» Brief
Please return only the lines from the one holding "Section Algebra." through the one holding "exists h : 'I_k", exactly as they appear in the records below, both ends included.

**********

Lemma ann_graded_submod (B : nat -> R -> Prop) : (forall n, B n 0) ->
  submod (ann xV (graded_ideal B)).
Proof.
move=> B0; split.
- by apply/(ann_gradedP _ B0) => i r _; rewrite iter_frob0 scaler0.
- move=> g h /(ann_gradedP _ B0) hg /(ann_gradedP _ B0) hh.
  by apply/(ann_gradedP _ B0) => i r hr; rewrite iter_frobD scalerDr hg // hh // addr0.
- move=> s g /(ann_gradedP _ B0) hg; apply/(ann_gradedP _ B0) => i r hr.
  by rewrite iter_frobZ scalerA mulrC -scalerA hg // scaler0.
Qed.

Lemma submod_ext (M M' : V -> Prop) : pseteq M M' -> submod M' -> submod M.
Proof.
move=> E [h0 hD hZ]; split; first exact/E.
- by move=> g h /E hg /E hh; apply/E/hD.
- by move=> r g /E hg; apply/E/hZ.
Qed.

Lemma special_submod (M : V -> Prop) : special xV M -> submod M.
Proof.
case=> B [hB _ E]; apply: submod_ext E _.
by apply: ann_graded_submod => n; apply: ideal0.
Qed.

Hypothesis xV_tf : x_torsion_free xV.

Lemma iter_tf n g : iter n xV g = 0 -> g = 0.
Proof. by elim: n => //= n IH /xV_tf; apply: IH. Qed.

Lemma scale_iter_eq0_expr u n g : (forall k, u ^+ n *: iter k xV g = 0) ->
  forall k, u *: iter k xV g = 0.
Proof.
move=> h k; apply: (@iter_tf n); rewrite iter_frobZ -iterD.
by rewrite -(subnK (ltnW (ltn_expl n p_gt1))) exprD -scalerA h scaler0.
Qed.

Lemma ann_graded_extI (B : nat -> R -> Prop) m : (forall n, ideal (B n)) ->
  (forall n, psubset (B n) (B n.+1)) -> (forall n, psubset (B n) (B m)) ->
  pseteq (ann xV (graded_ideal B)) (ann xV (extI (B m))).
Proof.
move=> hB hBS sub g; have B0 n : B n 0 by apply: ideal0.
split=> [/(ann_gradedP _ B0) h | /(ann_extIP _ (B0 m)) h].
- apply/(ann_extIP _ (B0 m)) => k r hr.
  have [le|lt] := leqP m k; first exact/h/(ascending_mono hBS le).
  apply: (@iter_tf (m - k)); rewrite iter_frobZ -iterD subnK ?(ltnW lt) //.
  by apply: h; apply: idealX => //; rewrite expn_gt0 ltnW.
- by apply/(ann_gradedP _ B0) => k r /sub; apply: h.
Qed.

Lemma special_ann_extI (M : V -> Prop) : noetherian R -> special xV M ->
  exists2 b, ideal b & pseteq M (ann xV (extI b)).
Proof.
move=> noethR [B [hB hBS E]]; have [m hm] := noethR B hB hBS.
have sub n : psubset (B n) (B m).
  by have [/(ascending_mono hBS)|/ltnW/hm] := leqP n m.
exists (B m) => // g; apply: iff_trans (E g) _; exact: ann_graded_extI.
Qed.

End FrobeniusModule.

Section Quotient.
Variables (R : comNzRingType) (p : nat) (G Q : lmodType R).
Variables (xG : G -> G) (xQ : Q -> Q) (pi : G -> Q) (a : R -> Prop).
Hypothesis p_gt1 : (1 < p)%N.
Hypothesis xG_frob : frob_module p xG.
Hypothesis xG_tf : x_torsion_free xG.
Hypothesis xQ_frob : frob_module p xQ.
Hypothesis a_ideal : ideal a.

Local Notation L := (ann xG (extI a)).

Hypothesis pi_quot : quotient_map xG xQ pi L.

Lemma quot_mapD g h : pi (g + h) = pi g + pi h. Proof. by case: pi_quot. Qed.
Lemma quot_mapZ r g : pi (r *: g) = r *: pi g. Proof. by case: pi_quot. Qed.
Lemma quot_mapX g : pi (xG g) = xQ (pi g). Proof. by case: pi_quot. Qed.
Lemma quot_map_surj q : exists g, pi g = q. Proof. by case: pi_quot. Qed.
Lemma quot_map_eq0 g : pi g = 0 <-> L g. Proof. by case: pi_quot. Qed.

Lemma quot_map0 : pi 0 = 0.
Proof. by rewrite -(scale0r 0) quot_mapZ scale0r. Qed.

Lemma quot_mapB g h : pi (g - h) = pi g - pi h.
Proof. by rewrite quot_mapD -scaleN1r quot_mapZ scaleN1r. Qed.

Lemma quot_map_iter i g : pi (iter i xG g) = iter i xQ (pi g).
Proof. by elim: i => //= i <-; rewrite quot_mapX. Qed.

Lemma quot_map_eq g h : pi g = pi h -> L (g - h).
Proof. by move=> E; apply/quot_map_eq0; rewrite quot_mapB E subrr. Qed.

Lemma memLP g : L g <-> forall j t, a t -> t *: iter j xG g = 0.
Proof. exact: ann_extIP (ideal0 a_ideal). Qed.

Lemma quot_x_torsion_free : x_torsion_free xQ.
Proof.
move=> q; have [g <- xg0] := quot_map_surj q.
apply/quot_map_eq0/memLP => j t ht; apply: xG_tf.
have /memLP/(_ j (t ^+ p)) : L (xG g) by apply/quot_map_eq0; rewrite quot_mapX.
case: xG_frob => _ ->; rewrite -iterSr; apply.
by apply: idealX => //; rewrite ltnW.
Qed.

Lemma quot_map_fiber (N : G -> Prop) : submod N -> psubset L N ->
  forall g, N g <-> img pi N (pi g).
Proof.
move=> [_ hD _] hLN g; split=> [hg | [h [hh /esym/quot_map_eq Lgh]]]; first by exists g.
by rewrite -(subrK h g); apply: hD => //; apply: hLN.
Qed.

**********

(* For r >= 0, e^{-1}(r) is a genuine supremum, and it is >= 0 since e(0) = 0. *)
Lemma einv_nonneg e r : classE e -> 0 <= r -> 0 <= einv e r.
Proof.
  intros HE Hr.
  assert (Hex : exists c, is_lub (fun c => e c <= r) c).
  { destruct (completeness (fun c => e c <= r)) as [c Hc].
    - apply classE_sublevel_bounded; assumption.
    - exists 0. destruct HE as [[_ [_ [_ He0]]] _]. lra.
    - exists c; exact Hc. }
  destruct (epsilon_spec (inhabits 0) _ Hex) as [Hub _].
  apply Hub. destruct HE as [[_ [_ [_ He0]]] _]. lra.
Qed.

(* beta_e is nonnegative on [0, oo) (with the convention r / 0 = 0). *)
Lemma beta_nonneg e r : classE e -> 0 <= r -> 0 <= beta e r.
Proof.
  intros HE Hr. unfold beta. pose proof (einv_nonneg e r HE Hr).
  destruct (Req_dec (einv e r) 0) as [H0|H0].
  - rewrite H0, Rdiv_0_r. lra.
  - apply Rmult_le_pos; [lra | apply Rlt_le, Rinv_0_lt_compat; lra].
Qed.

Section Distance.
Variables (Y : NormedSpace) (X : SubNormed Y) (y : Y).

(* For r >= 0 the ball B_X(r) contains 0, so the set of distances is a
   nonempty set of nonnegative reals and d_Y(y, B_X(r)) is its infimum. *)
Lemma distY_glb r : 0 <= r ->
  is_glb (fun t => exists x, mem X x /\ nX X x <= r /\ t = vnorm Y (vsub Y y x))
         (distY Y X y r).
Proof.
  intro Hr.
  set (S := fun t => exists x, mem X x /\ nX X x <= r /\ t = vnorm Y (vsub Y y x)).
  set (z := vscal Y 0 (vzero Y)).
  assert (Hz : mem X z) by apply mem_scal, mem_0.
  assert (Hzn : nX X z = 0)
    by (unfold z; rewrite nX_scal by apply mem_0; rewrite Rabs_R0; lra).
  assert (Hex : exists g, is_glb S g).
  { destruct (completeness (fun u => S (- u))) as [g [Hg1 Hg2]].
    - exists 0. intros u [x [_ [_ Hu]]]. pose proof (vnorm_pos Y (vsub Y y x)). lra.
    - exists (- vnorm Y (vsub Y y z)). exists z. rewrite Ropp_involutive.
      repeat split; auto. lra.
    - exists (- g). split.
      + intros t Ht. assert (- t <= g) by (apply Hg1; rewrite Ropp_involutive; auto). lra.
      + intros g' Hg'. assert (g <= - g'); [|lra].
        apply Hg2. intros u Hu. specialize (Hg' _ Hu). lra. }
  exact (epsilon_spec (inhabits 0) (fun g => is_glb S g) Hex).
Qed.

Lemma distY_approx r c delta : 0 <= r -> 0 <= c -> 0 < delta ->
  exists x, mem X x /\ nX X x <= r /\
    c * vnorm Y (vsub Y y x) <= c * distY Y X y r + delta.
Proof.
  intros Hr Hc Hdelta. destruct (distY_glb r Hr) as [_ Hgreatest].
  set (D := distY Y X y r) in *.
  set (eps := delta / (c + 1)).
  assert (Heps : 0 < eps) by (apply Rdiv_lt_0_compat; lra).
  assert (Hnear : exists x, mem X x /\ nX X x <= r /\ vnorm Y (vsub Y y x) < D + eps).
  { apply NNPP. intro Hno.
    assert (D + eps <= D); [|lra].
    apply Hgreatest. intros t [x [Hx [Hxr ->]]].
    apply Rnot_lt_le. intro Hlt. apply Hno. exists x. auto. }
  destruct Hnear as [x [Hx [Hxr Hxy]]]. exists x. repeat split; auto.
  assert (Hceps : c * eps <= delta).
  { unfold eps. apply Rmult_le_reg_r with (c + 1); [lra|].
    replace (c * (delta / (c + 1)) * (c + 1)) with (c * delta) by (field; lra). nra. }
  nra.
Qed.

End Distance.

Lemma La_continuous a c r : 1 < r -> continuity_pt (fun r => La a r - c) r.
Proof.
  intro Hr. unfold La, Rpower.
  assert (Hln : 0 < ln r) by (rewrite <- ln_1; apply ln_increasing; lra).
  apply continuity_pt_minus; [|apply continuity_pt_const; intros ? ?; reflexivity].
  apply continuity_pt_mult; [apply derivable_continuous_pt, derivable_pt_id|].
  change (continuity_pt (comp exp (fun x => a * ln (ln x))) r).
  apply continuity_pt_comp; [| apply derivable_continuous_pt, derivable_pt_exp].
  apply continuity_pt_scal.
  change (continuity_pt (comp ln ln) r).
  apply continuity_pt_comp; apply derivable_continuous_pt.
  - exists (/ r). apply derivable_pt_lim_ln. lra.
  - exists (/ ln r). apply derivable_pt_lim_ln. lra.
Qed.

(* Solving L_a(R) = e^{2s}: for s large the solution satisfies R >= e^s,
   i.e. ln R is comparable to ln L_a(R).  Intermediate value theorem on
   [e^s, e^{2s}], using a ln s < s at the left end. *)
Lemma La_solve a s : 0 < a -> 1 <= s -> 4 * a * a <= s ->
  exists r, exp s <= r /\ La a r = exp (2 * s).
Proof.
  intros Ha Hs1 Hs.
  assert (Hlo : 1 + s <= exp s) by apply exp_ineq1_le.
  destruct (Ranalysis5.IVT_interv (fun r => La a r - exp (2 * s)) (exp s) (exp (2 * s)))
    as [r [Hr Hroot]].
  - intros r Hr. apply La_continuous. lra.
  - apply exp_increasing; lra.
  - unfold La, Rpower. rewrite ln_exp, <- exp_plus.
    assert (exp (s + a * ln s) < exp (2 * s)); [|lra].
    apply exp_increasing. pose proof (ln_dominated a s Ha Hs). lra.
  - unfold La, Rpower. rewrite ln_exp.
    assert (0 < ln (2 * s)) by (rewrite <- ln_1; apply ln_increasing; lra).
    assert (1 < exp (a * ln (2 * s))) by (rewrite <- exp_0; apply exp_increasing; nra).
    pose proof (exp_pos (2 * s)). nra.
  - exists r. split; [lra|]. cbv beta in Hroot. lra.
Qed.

**********

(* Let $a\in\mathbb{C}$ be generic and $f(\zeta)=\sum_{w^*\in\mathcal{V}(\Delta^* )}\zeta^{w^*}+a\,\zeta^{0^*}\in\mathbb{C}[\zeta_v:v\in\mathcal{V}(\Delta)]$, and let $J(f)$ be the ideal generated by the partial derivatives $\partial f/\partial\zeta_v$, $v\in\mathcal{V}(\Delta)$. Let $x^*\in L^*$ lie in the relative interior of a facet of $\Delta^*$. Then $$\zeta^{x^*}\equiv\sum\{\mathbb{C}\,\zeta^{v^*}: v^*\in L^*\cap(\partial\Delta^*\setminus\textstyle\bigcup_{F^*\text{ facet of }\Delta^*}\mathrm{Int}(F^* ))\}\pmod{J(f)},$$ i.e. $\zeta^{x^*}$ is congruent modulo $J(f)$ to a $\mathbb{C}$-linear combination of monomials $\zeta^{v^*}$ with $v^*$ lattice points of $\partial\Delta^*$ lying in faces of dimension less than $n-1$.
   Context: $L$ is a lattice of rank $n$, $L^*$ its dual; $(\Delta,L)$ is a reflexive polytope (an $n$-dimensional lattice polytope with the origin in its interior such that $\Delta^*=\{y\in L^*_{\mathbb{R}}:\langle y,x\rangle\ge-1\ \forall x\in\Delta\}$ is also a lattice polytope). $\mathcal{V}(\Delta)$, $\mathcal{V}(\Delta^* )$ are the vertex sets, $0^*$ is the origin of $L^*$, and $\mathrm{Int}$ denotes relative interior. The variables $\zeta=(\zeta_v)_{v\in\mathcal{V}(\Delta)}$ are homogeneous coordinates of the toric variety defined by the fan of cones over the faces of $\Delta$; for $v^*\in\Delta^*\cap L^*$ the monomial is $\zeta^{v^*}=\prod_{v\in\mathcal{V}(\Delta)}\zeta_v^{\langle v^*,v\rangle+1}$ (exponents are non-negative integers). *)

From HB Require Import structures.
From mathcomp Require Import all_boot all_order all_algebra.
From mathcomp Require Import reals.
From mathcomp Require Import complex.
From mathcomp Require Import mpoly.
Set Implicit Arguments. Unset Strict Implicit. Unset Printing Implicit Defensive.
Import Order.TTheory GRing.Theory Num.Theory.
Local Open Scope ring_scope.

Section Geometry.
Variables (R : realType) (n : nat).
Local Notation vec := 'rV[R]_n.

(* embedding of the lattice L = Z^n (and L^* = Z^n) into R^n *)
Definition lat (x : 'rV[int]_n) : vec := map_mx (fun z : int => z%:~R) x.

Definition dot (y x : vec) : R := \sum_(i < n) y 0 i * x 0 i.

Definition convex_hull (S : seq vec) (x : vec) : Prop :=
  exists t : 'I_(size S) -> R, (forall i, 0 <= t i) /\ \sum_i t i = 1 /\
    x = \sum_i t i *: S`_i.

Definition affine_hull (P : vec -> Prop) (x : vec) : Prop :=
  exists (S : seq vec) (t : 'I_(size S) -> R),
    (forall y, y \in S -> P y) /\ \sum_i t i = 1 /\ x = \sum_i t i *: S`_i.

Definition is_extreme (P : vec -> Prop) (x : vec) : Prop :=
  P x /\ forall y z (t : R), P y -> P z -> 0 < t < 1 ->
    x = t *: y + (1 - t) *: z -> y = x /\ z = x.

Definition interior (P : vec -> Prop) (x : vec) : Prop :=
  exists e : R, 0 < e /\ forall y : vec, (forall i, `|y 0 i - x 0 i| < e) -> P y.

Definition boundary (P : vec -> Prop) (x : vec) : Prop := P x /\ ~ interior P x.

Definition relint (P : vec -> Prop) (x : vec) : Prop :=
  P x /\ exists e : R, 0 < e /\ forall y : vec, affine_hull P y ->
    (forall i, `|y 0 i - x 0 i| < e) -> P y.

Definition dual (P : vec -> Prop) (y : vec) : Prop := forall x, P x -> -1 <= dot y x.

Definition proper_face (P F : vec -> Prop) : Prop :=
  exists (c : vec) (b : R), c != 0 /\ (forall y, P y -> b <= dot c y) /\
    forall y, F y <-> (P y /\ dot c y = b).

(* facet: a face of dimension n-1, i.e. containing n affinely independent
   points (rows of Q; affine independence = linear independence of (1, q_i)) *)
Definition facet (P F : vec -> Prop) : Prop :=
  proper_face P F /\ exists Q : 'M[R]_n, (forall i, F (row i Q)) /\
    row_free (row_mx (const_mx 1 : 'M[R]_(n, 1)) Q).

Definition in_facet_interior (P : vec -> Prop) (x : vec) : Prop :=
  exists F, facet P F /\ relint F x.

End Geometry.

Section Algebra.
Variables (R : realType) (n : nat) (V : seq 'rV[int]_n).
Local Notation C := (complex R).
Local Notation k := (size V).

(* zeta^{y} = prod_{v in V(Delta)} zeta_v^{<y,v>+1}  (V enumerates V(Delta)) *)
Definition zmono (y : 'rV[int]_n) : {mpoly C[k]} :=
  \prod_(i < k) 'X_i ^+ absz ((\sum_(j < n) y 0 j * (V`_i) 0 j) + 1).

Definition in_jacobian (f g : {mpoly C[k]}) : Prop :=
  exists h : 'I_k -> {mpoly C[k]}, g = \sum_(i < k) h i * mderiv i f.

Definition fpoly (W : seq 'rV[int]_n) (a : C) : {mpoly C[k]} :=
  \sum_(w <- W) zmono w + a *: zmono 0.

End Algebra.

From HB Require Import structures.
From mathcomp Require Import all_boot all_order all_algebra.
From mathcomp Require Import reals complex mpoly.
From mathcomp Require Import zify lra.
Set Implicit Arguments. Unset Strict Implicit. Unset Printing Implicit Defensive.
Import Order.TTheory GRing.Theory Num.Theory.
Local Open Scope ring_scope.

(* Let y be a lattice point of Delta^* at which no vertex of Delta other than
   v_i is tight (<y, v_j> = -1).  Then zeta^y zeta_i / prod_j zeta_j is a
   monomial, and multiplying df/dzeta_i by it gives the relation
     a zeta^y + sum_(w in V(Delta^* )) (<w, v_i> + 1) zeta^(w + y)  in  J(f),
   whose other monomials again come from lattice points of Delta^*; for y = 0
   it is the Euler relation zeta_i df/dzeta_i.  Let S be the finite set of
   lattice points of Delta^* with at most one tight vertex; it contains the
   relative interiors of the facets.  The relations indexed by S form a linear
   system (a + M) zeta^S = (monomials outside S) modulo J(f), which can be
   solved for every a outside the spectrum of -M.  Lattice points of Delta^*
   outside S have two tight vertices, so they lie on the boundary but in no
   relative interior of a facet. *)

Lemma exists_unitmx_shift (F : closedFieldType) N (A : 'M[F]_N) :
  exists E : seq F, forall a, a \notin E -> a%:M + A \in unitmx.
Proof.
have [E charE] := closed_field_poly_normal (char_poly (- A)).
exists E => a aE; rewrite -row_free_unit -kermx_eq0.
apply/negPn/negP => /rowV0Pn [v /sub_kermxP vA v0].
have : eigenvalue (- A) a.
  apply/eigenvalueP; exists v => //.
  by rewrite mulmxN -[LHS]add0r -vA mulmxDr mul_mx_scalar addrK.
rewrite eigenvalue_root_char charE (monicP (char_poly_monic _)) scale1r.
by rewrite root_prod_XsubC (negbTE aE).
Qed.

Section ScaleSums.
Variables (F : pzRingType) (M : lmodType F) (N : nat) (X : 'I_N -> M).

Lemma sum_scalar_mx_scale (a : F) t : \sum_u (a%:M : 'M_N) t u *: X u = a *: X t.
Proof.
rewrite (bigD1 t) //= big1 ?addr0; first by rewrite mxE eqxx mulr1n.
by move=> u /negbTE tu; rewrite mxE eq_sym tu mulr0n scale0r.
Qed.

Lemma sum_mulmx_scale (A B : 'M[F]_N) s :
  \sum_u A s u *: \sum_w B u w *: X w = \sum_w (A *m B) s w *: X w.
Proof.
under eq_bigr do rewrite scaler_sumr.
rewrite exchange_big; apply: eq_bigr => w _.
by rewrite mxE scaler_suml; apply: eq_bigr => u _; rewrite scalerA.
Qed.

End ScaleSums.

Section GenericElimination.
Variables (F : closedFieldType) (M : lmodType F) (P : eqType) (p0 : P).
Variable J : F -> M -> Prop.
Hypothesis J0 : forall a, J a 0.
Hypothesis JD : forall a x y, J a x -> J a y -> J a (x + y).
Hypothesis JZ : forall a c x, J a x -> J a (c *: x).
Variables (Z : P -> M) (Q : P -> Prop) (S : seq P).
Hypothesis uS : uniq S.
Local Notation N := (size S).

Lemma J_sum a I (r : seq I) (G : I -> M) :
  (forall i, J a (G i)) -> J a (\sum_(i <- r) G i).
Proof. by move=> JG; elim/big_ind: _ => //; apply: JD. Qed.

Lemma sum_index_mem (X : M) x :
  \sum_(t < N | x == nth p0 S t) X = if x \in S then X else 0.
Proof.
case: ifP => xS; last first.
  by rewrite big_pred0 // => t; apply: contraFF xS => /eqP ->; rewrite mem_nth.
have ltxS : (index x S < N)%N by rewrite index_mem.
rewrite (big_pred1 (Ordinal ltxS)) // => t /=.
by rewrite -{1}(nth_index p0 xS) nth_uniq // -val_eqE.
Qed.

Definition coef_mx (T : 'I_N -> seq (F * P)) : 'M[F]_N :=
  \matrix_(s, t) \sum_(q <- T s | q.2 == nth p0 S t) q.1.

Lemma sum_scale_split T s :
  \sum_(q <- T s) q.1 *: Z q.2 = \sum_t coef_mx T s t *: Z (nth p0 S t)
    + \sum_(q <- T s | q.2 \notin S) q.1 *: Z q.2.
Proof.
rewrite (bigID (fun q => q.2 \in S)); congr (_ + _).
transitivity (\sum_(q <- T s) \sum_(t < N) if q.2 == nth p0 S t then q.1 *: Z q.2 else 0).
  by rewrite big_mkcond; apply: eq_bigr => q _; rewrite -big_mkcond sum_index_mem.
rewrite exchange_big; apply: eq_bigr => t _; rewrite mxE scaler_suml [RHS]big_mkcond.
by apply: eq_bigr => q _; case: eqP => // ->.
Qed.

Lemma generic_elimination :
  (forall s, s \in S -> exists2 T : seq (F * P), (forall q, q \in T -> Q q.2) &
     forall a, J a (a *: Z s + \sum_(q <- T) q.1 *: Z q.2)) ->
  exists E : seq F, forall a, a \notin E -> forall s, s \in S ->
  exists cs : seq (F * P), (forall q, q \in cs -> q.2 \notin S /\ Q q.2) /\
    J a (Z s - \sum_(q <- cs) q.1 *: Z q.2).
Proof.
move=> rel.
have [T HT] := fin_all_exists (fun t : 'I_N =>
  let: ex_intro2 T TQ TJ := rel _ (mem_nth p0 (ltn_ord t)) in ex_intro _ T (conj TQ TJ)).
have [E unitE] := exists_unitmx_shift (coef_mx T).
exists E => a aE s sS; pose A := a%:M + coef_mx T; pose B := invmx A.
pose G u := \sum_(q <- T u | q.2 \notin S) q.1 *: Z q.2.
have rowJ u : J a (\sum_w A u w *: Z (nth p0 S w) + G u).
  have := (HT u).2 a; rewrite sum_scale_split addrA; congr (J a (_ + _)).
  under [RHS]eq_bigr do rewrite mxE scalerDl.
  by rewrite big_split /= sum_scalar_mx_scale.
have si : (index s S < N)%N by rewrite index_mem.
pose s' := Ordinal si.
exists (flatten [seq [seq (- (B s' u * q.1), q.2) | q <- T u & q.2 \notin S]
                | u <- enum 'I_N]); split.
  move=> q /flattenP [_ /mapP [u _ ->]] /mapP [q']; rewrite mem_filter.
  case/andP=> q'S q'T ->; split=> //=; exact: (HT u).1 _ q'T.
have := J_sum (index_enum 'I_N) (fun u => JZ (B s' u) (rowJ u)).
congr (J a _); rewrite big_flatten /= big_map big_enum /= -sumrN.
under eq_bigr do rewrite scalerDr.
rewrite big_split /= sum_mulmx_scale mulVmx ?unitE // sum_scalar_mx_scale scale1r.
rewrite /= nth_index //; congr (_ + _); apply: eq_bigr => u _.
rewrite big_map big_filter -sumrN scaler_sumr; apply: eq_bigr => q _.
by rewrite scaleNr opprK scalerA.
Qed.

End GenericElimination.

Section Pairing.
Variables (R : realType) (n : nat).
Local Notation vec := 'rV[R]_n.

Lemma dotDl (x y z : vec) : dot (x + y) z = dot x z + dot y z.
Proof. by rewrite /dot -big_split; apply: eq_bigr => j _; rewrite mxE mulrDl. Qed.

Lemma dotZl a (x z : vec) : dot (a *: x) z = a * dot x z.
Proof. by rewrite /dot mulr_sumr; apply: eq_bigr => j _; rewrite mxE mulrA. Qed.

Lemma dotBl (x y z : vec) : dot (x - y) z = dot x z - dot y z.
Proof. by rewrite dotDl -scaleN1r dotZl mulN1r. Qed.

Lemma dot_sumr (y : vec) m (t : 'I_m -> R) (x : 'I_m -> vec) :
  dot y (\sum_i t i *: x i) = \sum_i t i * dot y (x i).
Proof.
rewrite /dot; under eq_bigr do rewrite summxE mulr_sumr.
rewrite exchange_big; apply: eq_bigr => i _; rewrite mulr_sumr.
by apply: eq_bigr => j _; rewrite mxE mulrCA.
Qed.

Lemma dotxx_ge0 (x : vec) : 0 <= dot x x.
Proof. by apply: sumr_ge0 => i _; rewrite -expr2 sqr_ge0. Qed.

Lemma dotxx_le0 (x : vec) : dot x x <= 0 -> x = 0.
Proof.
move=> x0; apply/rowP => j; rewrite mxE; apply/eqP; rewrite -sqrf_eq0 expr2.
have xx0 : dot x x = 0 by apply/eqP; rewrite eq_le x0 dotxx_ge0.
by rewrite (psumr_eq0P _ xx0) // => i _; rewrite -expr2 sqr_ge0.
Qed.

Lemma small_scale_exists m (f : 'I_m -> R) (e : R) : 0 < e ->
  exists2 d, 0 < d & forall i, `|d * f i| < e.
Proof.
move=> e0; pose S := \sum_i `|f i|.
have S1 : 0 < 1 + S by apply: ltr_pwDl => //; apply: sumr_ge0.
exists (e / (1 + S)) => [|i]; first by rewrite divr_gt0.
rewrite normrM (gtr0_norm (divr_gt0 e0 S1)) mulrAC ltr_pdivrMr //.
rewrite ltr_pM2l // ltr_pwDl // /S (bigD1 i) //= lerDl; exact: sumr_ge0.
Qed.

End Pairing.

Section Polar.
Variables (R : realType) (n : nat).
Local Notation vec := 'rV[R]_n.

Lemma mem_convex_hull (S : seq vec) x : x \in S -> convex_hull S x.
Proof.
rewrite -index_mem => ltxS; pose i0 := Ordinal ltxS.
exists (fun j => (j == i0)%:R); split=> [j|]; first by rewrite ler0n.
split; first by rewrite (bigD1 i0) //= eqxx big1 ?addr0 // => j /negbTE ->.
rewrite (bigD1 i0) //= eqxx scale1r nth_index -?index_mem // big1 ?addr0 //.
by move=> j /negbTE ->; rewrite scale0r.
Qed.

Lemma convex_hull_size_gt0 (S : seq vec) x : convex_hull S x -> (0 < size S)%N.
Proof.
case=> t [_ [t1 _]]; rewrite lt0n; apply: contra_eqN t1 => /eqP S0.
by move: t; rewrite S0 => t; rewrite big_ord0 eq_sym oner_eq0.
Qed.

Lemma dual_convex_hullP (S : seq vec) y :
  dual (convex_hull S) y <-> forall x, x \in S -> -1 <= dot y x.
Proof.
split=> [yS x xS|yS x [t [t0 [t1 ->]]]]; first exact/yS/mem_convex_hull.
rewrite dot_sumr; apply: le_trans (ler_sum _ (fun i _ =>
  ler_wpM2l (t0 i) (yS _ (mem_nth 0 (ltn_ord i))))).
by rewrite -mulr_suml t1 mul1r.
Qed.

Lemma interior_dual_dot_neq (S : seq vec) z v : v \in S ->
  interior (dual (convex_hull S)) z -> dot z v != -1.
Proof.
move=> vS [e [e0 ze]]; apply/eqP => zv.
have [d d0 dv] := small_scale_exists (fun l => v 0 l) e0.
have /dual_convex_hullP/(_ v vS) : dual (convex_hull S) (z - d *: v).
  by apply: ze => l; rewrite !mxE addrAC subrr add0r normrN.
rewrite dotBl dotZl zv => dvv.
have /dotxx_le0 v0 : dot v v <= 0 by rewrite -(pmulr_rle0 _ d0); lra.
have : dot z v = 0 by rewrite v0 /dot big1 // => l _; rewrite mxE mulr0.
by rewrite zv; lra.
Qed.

**********

» Reply
Section Algebra.
Variables (R : realType) (n : nat) (V : seq 'rV[int]_n).
Local Notation C := (complex R).
Local Notation k := (size V).

(* zeta^{y} = prod_{v in V(Delta)} zeta_v^{<y,v>+1}  (V enumerates V(Delta)) *)
Definition zmono (y : 'rV[int]_n) : {mpoly C[k]} :=
  \prod_(i < k) 'X_i ^+ absz ((\sum_(j < n) y 0 j * (V`_i) 0 j) + 1).

Definition in_jacobian (f g : {mpoly C[k]}) : Prop :=
  exists h : 'I_k -> {mpoly C[k]}, g = \sum_(i < k) h i * mderiv i f.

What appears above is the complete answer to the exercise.